=== WHAT IS EXPECTED ===
With the records below as your source, retype each line exactly from the top down to the line that contains "Proof. by apply: gen_base; exists", and include that line.

Saved data entries
╭──
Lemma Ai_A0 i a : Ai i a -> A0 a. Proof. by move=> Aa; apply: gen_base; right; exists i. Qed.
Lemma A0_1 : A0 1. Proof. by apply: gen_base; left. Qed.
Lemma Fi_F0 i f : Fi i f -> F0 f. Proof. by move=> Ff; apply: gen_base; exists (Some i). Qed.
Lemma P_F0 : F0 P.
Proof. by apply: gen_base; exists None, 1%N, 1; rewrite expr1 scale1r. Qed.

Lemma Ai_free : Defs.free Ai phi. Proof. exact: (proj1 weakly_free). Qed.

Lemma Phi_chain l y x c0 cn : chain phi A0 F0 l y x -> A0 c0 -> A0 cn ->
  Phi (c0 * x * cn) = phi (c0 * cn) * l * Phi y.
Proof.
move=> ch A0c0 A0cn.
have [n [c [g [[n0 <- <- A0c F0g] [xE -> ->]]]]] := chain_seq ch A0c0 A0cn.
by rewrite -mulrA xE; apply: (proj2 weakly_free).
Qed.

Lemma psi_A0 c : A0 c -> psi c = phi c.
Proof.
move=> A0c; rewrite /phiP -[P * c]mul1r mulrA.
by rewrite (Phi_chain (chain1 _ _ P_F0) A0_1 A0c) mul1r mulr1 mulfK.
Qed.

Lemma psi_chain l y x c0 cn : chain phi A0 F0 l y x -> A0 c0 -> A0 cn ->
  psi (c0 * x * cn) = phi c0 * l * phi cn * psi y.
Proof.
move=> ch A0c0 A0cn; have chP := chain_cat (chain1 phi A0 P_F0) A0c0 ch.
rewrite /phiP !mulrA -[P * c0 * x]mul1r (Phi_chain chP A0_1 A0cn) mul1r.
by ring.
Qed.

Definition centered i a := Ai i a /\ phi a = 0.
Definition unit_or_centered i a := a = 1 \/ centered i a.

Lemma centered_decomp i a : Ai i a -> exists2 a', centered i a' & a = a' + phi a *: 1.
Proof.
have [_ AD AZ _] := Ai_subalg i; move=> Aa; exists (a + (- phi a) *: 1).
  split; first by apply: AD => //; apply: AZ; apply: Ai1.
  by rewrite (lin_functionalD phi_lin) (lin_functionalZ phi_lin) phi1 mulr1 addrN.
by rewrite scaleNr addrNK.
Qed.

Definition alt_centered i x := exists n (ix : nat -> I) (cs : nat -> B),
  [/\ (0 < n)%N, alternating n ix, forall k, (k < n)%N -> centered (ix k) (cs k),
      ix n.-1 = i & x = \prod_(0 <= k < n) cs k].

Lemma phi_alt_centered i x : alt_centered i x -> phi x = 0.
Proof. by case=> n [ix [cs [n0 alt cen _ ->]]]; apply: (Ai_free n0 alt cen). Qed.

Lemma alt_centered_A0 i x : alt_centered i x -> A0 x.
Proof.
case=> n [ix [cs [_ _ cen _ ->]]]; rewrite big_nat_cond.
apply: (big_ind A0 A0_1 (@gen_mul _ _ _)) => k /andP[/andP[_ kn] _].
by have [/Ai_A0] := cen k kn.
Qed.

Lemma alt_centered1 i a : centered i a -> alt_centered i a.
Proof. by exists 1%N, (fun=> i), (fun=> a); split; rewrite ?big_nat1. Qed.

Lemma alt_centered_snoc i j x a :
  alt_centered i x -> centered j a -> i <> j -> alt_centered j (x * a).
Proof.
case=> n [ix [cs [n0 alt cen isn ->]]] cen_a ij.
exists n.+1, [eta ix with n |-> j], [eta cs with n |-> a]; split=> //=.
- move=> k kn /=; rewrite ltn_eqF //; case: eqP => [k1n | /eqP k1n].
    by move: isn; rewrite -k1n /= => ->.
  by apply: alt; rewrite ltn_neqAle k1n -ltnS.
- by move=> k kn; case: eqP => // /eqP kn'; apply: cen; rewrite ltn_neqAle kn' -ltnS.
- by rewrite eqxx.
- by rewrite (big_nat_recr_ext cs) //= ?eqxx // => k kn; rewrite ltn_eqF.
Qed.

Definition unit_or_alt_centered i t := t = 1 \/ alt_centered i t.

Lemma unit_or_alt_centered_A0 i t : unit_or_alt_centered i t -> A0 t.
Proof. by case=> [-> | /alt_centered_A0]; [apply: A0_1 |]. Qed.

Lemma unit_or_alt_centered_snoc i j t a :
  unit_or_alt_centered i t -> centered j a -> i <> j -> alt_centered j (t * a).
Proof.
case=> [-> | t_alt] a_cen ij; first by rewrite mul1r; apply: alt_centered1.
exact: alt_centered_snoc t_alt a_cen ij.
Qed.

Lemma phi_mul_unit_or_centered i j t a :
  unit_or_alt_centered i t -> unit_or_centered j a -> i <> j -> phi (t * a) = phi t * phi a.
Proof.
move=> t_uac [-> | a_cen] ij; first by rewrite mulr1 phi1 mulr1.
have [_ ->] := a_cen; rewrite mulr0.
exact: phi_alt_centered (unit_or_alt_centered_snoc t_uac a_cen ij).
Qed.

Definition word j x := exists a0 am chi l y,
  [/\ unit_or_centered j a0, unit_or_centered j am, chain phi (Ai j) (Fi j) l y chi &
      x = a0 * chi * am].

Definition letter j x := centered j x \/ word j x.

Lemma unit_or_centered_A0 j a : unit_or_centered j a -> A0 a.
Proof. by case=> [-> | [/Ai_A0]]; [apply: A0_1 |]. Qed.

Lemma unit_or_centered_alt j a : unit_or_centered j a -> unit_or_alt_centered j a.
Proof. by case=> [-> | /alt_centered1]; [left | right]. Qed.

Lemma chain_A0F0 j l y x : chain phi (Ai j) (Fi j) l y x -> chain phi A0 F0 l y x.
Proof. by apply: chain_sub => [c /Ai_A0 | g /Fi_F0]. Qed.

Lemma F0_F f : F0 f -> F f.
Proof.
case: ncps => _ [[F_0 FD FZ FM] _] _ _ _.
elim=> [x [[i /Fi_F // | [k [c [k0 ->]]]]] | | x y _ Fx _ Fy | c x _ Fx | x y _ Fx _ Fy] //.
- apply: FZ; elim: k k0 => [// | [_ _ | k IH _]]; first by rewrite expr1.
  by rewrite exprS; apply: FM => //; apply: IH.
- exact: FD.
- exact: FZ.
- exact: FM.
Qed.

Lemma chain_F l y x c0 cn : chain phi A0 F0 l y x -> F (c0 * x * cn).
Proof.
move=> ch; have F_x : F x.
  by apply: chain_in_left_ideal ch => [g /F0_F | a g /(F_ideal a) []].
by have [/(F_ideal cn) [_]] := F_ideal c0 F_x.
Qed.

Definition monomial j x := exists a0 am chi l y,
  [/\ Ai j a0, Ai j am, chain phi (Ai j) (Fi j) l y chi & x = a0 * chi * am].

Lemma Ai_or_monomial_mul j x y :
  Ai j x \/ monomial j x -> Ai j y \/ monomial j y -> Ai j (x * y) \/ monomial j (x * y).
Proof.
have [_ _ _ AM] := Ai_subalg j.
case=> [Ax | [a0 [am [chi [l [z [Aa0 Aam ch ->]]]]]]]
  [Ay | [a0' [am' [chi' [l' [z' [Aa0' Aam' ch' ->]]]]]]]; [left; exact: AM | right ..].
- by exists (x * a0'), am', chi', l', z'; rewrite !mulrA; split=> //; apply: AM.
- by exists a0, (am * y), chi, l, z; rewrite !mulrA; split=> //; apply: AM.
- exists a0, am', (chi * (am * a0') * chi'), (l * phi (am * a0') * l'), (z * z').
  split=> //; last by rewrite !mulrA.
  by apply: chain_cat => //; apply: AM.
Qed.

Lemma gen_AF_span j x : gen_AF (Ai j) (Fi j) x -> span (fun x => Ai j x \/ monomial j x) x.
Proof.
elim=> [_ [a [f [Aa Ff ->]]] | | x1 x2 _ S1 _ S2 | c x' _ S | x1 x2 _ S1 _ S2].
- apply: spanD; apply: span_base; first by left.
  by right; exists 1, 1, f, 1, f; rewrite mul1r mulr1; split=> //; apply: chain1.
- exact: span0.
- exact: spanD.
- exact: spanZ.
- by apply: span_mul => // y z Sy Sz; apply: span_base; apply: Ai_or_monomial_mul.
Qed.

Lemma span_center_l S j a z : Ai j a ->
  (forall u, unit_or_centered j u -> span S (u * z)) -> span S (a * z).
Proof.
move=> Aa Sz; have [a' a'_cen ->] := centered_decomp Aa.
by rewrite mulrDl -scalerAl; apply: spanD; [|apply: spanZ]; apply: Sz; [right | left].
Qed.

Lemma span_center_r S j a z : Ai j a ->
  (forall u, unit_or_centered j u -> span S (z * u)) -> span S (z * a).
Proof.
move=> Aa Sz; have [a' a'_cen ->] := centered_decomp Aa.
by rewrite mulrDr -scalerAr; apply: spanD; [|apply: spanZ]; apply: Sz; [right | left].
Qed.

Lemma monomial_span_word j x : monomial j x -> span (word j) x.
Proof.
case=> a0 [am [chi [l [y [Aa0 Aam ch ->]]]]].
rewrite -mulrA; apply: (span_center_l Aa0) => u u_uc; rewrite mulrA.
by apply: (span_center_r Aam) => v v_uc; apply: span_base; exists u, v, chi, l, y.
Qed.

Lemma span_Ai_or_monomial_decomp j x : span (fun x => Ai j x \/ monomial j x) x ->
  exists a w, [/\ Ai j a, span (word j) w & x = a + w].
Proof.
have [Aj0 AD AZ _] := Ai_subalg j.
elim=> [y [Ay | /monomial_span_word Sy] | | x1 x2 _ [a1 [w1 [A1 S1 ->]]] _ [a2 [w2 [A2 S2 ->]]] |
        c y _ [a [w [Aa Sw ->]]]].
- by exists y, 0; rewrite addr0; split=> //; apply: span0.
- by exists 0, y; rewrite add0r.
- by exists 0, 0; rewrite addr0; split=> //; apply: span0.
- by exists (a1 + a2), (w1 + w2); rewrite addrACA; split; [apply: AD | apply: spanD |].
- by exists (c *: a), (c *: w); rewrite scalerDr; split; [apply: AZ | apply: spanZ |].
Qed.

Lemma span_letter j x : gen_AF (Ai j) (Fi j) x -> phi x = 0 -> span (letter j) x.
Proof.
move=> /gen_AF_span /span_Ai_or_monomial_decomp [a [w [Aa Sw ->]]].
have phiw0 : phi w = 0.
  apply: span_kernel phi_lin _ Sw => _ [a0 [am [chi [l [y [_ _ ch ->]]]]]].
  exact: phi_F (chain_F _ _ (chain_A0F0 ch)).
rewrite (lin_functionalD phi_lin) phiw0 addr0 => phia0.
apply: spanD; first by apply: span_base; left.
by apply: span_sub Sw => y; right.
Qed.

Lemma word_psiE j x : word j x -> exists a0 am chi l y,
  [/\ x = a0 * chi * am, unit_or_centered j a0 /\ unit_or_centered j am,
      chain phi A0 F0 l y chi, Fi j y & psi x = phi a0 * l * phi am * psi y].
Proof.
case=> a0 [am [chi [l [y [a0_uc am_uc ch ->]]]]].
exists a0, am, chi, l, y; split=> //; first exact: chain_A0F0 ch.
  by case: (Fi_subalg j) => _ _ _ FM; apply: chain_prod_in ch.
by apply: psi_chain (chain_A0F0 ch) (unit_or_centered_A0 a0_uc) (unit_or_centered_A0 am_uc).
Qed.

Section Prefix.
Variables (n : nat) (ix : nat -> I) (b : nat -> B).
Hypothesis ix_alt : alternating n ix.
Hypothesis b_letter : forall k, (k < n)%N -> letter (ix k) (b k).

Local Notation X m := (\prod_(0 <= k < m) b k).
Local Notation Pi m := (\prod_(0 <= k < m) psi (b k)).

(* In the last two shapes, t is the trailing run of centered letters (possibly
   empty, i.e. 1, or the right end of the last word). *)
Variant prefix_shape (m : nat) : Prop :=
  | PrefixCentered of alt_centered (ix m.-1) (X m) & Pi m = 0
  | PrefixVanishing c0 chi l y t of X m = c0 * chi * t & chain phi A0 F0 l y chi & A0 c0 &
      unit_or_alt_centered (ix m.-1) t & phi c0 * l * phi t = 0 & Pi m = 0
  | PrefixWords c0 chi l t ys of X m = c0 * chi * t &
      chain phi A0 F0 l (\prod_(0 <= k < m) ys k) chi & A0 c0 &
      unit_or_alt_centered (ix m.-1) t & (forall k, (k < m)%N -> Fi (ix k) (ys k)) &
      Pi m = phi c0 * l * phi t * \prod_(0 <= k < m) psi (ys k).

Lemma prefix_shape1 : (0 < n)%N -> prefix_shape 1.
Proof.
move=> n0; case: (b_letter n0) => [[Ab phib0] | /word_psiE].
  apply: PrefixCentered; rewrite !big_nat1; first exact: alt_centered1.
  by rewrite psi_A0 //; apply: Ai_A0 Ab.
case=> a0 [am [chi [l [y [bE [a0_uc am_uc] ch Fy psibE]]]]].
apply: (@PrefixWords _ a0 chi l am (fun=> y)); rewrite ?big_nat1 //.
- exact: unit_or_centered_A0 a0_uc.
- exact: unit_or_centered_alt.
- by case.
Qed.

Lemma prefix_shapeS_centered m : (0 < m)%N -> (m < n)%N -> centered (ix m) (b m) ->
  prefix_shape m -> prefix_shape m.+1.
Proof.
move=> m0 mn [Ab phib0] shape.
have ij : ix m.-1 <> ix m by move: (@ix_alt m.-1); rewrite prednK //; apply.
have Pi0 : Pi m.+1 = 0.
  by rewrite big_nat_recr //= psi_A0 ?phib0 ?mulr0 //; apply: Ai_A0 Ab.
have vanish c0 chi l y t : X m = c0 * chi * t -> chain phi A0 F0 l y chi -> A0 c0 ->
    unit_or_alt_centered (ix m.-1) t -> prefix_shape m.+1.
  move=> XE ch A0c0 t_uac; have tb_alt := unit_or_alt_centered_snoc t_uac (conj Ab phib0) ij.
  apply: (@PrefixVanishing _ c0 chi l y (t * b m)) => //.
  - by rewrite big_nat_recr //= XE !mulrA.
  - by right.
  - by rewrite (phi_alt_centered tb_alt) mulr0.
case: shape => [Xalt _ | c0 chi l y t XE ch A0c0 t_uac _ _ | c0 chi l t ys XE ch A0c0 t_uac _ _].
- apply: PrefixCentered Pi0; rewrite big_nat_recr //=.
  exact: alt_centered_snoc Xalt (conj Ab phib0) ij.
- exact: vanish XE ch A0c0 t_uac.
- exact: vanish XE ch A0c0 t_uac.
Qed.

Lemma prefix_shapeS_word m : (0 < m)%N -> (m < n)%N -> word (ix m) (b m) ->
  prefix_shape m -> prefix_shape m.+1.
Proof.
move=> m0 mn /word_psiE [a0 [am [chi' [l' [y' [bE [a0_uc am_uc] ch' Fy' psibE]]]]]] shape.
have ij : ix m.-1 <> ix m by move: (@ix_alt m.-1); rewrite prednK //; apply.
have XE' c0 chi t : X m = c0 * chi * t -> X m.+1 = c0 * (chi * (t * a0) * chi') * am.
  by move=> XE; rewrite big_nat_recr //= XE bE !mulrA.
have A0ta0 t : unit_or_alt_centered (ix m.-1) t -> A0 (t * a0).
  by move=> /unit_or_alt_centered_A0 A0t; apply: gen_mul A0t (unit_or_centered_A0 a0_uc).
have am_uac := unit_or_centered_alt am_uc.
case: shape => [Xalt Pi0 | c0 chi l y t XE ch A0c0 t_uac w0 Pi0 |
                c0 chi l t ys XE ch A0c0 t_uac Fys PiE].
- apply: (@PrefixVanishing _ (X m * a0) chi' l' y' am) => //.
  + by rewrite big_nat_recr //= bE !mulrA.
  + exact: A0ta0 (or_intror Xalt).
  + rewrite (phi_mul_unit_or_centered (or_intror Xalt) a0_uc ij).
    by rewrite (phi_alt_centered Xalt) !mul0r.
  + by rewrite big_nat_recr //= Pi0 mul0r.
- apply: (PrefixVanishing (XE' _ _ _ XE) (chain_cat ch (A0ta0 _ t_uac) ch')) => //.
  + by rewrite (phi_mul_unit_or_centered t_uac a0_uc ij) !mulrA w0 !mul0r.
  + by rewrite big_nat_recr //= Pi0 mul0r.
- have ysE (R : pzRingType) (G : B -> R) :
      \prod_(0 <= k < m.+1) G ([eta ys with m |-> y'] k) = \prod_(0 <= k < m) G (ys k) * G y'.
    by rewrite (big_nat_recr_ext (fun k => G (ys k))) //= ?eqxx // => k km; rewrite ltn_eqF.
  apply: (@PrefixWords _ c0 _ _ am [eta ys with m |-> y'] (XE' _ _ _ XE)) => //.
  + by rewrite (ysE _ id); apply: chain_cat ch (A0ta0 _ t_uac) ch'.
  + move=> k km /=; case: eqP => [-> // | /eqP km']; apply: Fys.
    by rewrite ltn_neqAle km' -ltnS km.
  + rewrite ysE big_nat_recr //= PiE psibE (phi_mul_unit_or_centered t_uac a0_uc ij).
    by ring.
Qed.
╰──
=== ANSWER AREA ===
Lemma Ai_A0 i a : Ai i a -> A0 a. Proof. by move=> Aa; apply: gen_base; right; exists i. Qed.
Lemma A0_1 : A0 1. Proof. by apply: gen_base; left. Qed.
Lemma Fi_F0 i f : Fi i f -> F0 f. Proof. by move=> Ff; apply: gen_base; exists (Some i). Qed.
Lemma P_F0 : F0 P.
Proof. by apply: gen_base; exists None, 1%N, 1; rewrite expr1 scale1r. Qed.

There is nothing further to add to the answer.